#### WHAT IS REQUIRED
Copy out each line of the data that holds the string "finType".

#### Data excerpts
-=-=-=-=-

(* Let $G=(V,E)$ be a finite simple graph with at least one vertex, $k>0$, and let $\mathcal F^*$ be the set of all stars $\{(A_1,B_1),(A_2,B_2),(A_3,B_3)\}\subseteq\vec S_k$ (elements not necessarily distinct) with $G[A_1]\cup G[A_2]\cup G[A_3]=G$. Then $\mathcal F^*$ is closed under shifting (with respect to $\vec S_k$ inside the universe $\vec U$ of oriented vertex separations of $G$): whenever $\vec s_0\in\vec S_k$ is linked to some $\vec r\le\vec s_0$ in $\vec S_k$ that is not forced by $\mathcal F^*$, then $\vec s_0$ is $\mathcal F^*$-linked to $\vec r$.
   Context: An oriented vertex separation of $G$ is an ordered pair $(A,B)$ with $A\cup B=V$ and no edge between $A\setminus B$ and $B\setminus A$. They form a universe $\vec U$ with $(A,B)\le(C,D)$ iff $A\subseteq C$, $B\supseteq D$; $(A,B)^*=(B,A)$; $(A,B)\vee(C,D)=(A\cup C,B\cap D)$; $(A,B)\wedge(C,D)=(A\cap C,B\cup D)$. $\vec S_k=\{(A,B)\in\vec U:|A\cap B|<k\}$, and $S_k$ is its set of separations $s=\{\vec s,\vec s^{\,*}\}$; write $\overleftarrow s=\vec s^{\,*}$; $s$ is degenerate if $\vec s=\overleftarrow s$; $\vec r$ is trivial if some $s\in S_k$ has $\vec r<\vec s$ and $\vec r<\overleftarrow s$. A star is a nonempty set $\sigma$ with $\vec r\le\overleftarrow s$ for all distinct $\vec r,\vec s\in\sigma$. $\mathcal F$ forces $\vec r$ if $\{\overleftarrow r\}\in\mathcal F$ or $r$ is degenerate (elements not forced by $\mathcal F^*$ are nontrivial and nondegenerate). For nontrivial nondegenerate $\vec r$, $\vec S_{\ge\vec r}$ is the set of all orientations of separations in $S_k$ having an orientation $\ge\vec r$, and for $\vec s_0\ge\vec r$ the shifting map $f:\vec S_{\ge\vec r}\to\vec U$ is $f(\vec s)=\vec s\vee\vec s_0$, $f(\overleftarrow s)=(\vec s\vee\vec s_0)^*$ for all $\vec s\in\vec S_{\ge\vec r}\setminus\{\overleftarrow r\}$ with $\vec s\ge\vec r$. $\vec s_0$ is linked to $\vec r$ if $\vec s_0\ge\vec r$ and $\vec s\vee\vec s_0\in\vec S_k$ for all $\vec s\in\vec S_k$ with $\vec s\ge\vec r$, $\vec s\ne\overleftarrow r$; it is $\mathcal F$-linked to $\vec r$ if moreover $f(\sigma)\in\mathcal F$ for every star $\sigma\in\mathcal F$ with $\sigma\subseteq\vec S_{\ge\vec r}\setminus\{\overleftarrow r\}$ having an element $\ge\vec r$. *)

From mathcomp Require Import all_boot.
Set Implicit Arguments. Unset Strict Implicit. Unset Printing Implicit Defensive.

Section Seps.
Variables (T : finType) (e : rel T) (k : nat).

Definition osep : finType := ({set T} * {set T})%type.

Definition is_sep (x : osep) : bool :=
  (x.1 :|: x.2 == setT) &&
  [forall u, forall v, ((u \in x.1 :\: x.2) && (v \in x.2 :\: x.1)) ==> ~~ e u v].

Definition sep_le (x y : osep) : bool := (x.1 \subset y.1) && (y.2 \subset x.2).
Definition sep_lt (x y : osep) : bool := sep_le x y && (x != y).
Definition sep_inv (x : osep) : osep := (x.2, x.1).
Definition sep_join (x y : osep) : osep := (x.1 :|: y.1, x.2 :&: y.2).
Definition sep_meet (x y : osep) : osep := (x.1 :&: y.1, x.2 :|: y.2).

Definition in_Sk (x : osep) : bool := is_sep x && (#|x.1 :&: x.2| < k).

Definition degenerate (x : osep) : bool := x == sep_inv x.

Definition trivial_sep (r : osep) : Prop :=
  exists s, in_Sk s /\ sep_lt r s /\ sep_lt r (sep_inv s).

Definition is_star (sigma : {set osep}) : bool :=
  (sigma != set0) &&
  [forall x in sigma, forall y in sigma, (x != y) ==> sep_le x (sep_inv y)].

Definition covers3 (A1 A2 A3 : {set T}) : bool :=
  [forall v, [|| v \in A1, v \in A2 | v \in A3]] &&
  [forall u, forall v, e u v ==>
     [|| (u \in A1) && (v \in A1), (u \in A2) && (v \in A2)
       | (u \in A3) && (v \in A3)]].

Definition Fstar (sigma : {set osep}) : Prop :=
  exists a1 a2 a3 : osep,
    [/\ in_Sk a1 && in_Sk a2 && in_Sk a3, sigma = [set a1; a2; a3],
        is_star sigma & covers3 a1.1 a2.1 a3.1].

Definition forces (F : {set osep} -> Prop) (r : osep) : Prop :=
  F [set sep_inv r] \/ degenerate r.

Definition S_ge (r x : osep) : bool :=
  in_Sk x && (sep_le r x || sep_le r (sep_inv x)).

(* shifting map f (agrees with the paper's on S_{>=r} \ {r^*} for nontrivial
   nondegenerate r) *)
Definition shift (r s0 x : osep) : osep :=
  if sep_le r x then sep_join x s0 else sep_inv (sep_join (sep_inv x) s0).

Definition linked (r s0 : osep) : Prop :=
  sep_le r s0 /\
  forall s, in_Sk s -> sep_le r s -> s != sep_inv r -> in_Sk (sep_join s s0).

Definition F_linked (F : {set osep} -> Prop) (r s0 : osep) : Prop :=
  linked r s0 /\
  forall sigma : {set osep}, F sigma -> is_star sigma ->
    sigma \subset [set x | S_ge r x && (x != sep_inv r)] ->
    (exists2 x, x \in sigma & sep_le r x) ->
    F (shift r s0 @: sigma).

Definition closed_under_shifting (F : {set osep} -> Prop) : Prop :=
  forall s0 r, in_Sk s0 -> in_Sk r -> sep_le r s0 -> ~ forces F r ->
    linked r s0 -> F_linked F r s0.

End Seps.

From mathcomp Require Import all_boot.
Set Implicit Arguments. Unset Strict Implicit. Unset Printing Implicit Defensive.

(* If r is not forced, then r.2 is a proper subset of V: otherwise {r^*} is a
   star whose small side is V, hence lies in F^*.  Consequently a star in
   S_{>=r} has at most one element above r, so shifting with x |-> x v s0 on
   that element and x |-> x ^ s0^* on the others keeps it a star.  The shifted
   star still covers G: s0 is a separation, so every vertex and edge of G lies
   in G[s0.1], which the shifted element above r contains, or in G[s0.2],
   where each shifted small side contains the old one. *)

Section SepOrder.
Variable T : finType.
Implicit Types x y z r s : osep T.

Lemma sep_invK : involutive (@sep_inv T).
Proof. by case. Qed.

Lemma sep_inv_join x y :
  sep_inv (sep_join x y) = sep_meet (sep_inv x) (sep_inv y).
Proof. by []. Qed.

Lemma sep_inv_meet x y :
  sep_inv (sep_meet x y) = sep_join (sep_inv x) (sep_inv y).
Proof. by []. Qed.

Lemma sep_le_trans y x z : sep_le x y -> sep_le y z -> sep_le x z.
Proof.
case/andP=> [x1y1 y2x2] /andP [y1z1 z2y2].
by rewrite /sep_le (subset_trans x1y1 y1z1) (subset_trans z2y2 y2x2).
Qed.

Lemma sep_le_join2r z x y : sep_le x y -> sep_le (sep_join x z) (sep_join y z).
Proof. by case/andP=> x1y1 y2x2; rewrite /sep_le setSU // setSI. Qed.

Lemma sep_le_meet2r z x y : sep_le x y -> sep_le (sep_meet x z) (sep_meet y z).
Proof. by case/andP=> x1y1 y2x2; rewrite /sep_le setSI // setSU. Qed.

Lemma sep_le_joinl x y : sep_le x (sep_join x y).
Proof. by rewrite /sep_le subsetUl subsetIl. Qed.

Lemma sep_le_meetl x y : sep_le (sep_meet x y) x.
Proof. by rewrite /sep_le subsetIl subsetUl. Qed.

Lemma shift_join r s x : sep_le r x -> shift r s x = sep_join x s.
Proof. by rewrite /shift => ->. Qed.

Lemma shift_meet r s x :
  ~~ sep_le r x -> shift r s x = sep_meet x (sep_inv s).
Proof. by rewrite /shift sep_inv_join sep_invK => /negbTE ->. Qed.

Lemma shift1_sub r s x : x.1 :&: s.2 \subset (shift r s x).1.
Proof.
have [rx|rNx] := boolP (sep_le r x); last by rewrite shift_meet.
by rewrite shift_join //= (subset_trans (subsetIl _ _)) ?subsetUl.
Qed.

Lemma shift_le_inv r s x y :
  sep_le x (sep_inv y) -> ~~ (sep_le r x && sep_le r y) ->
  sep_le (shift r s x) (sep_inv (shift r s y)).
Proof.
move=> xy; have [rx|rNx] := boolP (sep_le r x); have [ry|rNy] := boolP (sep_le r y) => //= _.
- by rewrite shift_join // shift_meet // sep_inv_meet sep_invK sep_le_join2r.
- by rewrite shift_meet // shift_join // sep_inv_join sep_le_meet2r.
- rewrite shift_meet // shift_meet // sep_inv_meet sep_invK.
  exact: sep_le_trans (sep_le_meetl _ _) (sep_le_trans xy (sep_le_joinl _ _)).
Qed.

End SepOrder.

Section Separations.
Variables (T : finType) (e : rel T) (k : nat).
Implicit Types x y r s : osep T.

Lemma is_sep_cover x v : is_sep e x -> (v \in x.1) || (v \in x.2).
Proof. by case/andP=> /eqP x12 _; rewrite -in_setU x12 inE. Qed.

Lemma star_pair_full r x y :
  is_sep e y -> sep_le r x -> sep_le r y -> sep_le x (sep_inv y) -> r.2 = setT.
Proof.
move=> /is_sep_cover y12 /andP [_ /subsetP x2r2] /andP [_ /subsetP y2r2].
case/andP=> [_ /subsetP y1x2]; apply/setP => v; rewrite inE.
by case/orP: (y12 v) => [/y1x2/x2r2 | /y2r2].
Qed.

Lemma is_star_shift r s (sigma : {set osep T}) :
  r.2 != setT -> {in sigma, forall x, is_sep e x} -> is_star sigma ->
  is_star (shift r s @: sigma).
Proof.
move=> r2N sep_sigma /andP [/set0Pn [x0 x0_sigma] /forall_inP star_sigma].
rewrite /is_star; apply/andP; split; first by apply/set0Pn; exists (shift r s x0); apply: imset_f.
apply/forall_inP => _ /imsetP [x x_sigma ->]; apply/forall_inP => _ /imsetP [y y_sigma ->].
apply/implyP => fxy; have xy : x != y by apply: contraNneq fxy => ->.
have le_xy : sep_le x (sep_inv y) by move/forall_inP/(_ y y_sigma)/implyP: (star_sigma x x_sigma); apply.
apply: shift_le_inv => //; apply/negP => /andP [rx ry].
by move/eqP: r2N; apply; apply: star_pair_full (sep_sigma y y_sigma) rx ry le_xy.
Qed.

Hypothesis e_sym : symmetric e.

Lemma is_sep_inv x : is_sep e (sep_inv x) = is_sep e x.
Proof.
rewrite /is_sep /= setUC; congr (_ && _).
by apply/forallP/forallP => sepx u; apply/forallP => v; apply/implyP => /andP [uv vu];
  move/forallP/(_ u)/implyP: (sepx v); rewrite uv vu e_sym; apply.
Qed.

Lemma in_Sk_inv x : in_Sk e k (sep_inv x) = in_Sk e k x.
Proof. by rewrite /in_Sk is_sep_inv /= setIC. Qed.

Lemma is_sep_edge x u v :
  is_sep e x -> e u v -> (u \in x.1) && (v \in x.1) || (u \in x.2) && (v \in x.2).
Proof.
move=> sepx euv; have /andP [_ /forallP no_cross] := sepx.
move: (forallP (no_cross u) v) (forallP (no_cross v) u).
move: (is_sep_cover u sepx) (is_sep_cover v sepx).
by rewrite (e_sym v u) euv !inE; do !case: (_ \in _).
Qed.

Lemma covers3_shift s (A1 A2 A3 B1 B2 B3 : {set T}) :
  is_sep e s -> covers3 e A1 A2 A3 ->
  A1 :&: s.2 \subset B1 -> A2 :&: s.2 \subset B2 -> A3 :&: s.2 \subset B3 ->
  [|| s.1 \subset B1, s.1 \subset B2 | s.1 \subset B3] ->
  covers3 e B1 B2 B3.
Proof.
move=> seps /andP [/forallP coverV /forallP coverE] AB1 AB2 AB3 s1B.
have lift (A B : {set T}) u : A :&: s.2 \subset B -> u \in s.2 -> u \in A -> u \in B.
  by move=> /subsetP AB us uA; apply: AB; rewrite inE uA.
apply/andP; split.
  apply/forallP => v; case/orP: (is_sep_cover v seps) => vs.
    by case/or3P: s1B => /subsetP/(_ v vs) ->; rewrite ?orbT.
  case/or3P: (coverV v) => vA; apply/or3P; [apply: Or31 | apply: Or32 | apply: Or33].
  - exact: lift AB1 vs vA.
  - exact: lift AB2 vs vA.
  - exact: lift AB3 vs vA.
apply/forallP => u; apply/forallP => v; apply/implyP => euv.
case/orP: (is_sep_edge seps euv) => /andP [us vs].
  by case/or3P: s1B => /subsetP sB; rewrite !sB ?orbT.
move/forallP/(_ v)/implyP/(_ euv): (coverE u).
case/or3P=> /andP [uA vA]; apply/or3P; [apply: Or31 | apply: Or32 | apply: Or33].
- by rewrite (lift _ _ _ AB1 us uA) (lift _ _ _ AB1 vs vA).
- by rewrite (lift _ _ _ AB2 us uA) (lift _ _ _ AB2 vs vA).
- by rewrite (lift _ _ _ AB3 us uA) (lift _ _ _ AB3 vs vA).
Qed.

Lemma Fstar_set1 x : in_Sk e k x -> x.1 = setT -> Fstar e k [set x].
Proof.
move=> Skx x1; exists x, x, x; split; rewrite ?Skx ?setUid //.
  apply/andP; split; first by apply/set0Pn; exists x; rewrite inE.
  by apply/forall_inP => y /set1P ->; apply/forall_inP => z /set1P ->; rewrite eqxx.
by rewrite /covers3 x1; apply/andP; split; apply/forallP => u;
  rewrite ?inE //; apply/forallP => v; rewrite !inE implybT.
Qed.

Lemma shift_in_Sk r s x :
  linked e k r s -> in_Sk e k x -> sep_le r x || sep_le r (sep_inv x) ->
  x != sep_inv r -> in_Sk e k (shift r s x).
Proof.
case=> _ link Skx; rewrite /shift; case: ifP => [rx _ | rNx /= rxi _].
  exact: link.
rewrite in_Sk_inv link ?in_Sk_inv //.
by apply: contraFneq rNx => /(can_inj (@sep_invK _)) ->; rewrite /sep_le !subxx.
Qed.

End Separations.

Theorem lemma5p3 (T : finType) (e : rel T)
  (e_sym : symmetric e) (e_irr : irreflexive e) (T_ne : 0 < #|T|)
  (k : nat) (k_pos : 0 < k) :
  closed_under_shifting e k (Fstar e k).
Proof.
move=> s0 r Sk_s0 Sk_r _ r_unforced linked_s0; split=> //.
move=> _ [a1 [a2 [a3 [_ -> star_a cover_a]]]] _ sub_Sge [x0 x0_a r_x0].
set sigma := [set a1; a2; a3] in x0_a star_a sub_Sge *.
have r2N : r.2 != setT.
  by apply/eqP => r2; apply: r_unforced; left; apply: Fstar_set1; rewrite ?in_Sk_inv.
have Sge_sigma x : x \in sigma ->
    [/\ in_Sk e k x, sep_le r x || sep_le r (sep_inv x) & x != sep_inv r].
  by move/(subsetP sub_Sge); rewrite inE => /andP [/andP [Skx rx] xNr].
have [a1_sigma a2_sigma a3_sigma] : [/\ a1 \in sigma, a2 \in sigma & a3 \in sigma].
  by rewrite !inE !eqxx ?orbT.
have Sk_shift x : x \in sigma -> in_Sk e k (shift r s0 x).
  by case/Sge_sigma => Skx rx xNr; apply: shift_in_Sk.
exists (shift r s0 a1), (shift r s0 a2), (shift r s0 a3); split.
- by rewrite !Sk_shift.
- by rewrite !imsetU !imset_set1.
- by apply: (is_star_shift (e := e)) => // x /Sge_sigma [/andP [sepx _] _ _].
- have [sep_s0 _] := andP Sk_s0.
  apply: (covers3_shift e_sym sep_s0 cover_a); rewrite ?shift1_sub //.
  have s0_x0 : s0.1 \subset (shift r s0 x0).1 by rewrite shift_join ?subsetUr.
  by move: x0_a; rewrite !inE -orbA => /or3P [] /eqP <-; rewrite s0_x0 ?orbT.
Qed.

-=-=-=-=-

#### RESPONSE BOX
Variables (T : finType) (e : rel T) (k : nat).
Definition osep : finType := ({set T} * {set T})%type.
Variable T : finType.
Variables (T : finType) (e : rel T) (k : nat).
Theorem lemma5p3 (T : finType) (e : rel T)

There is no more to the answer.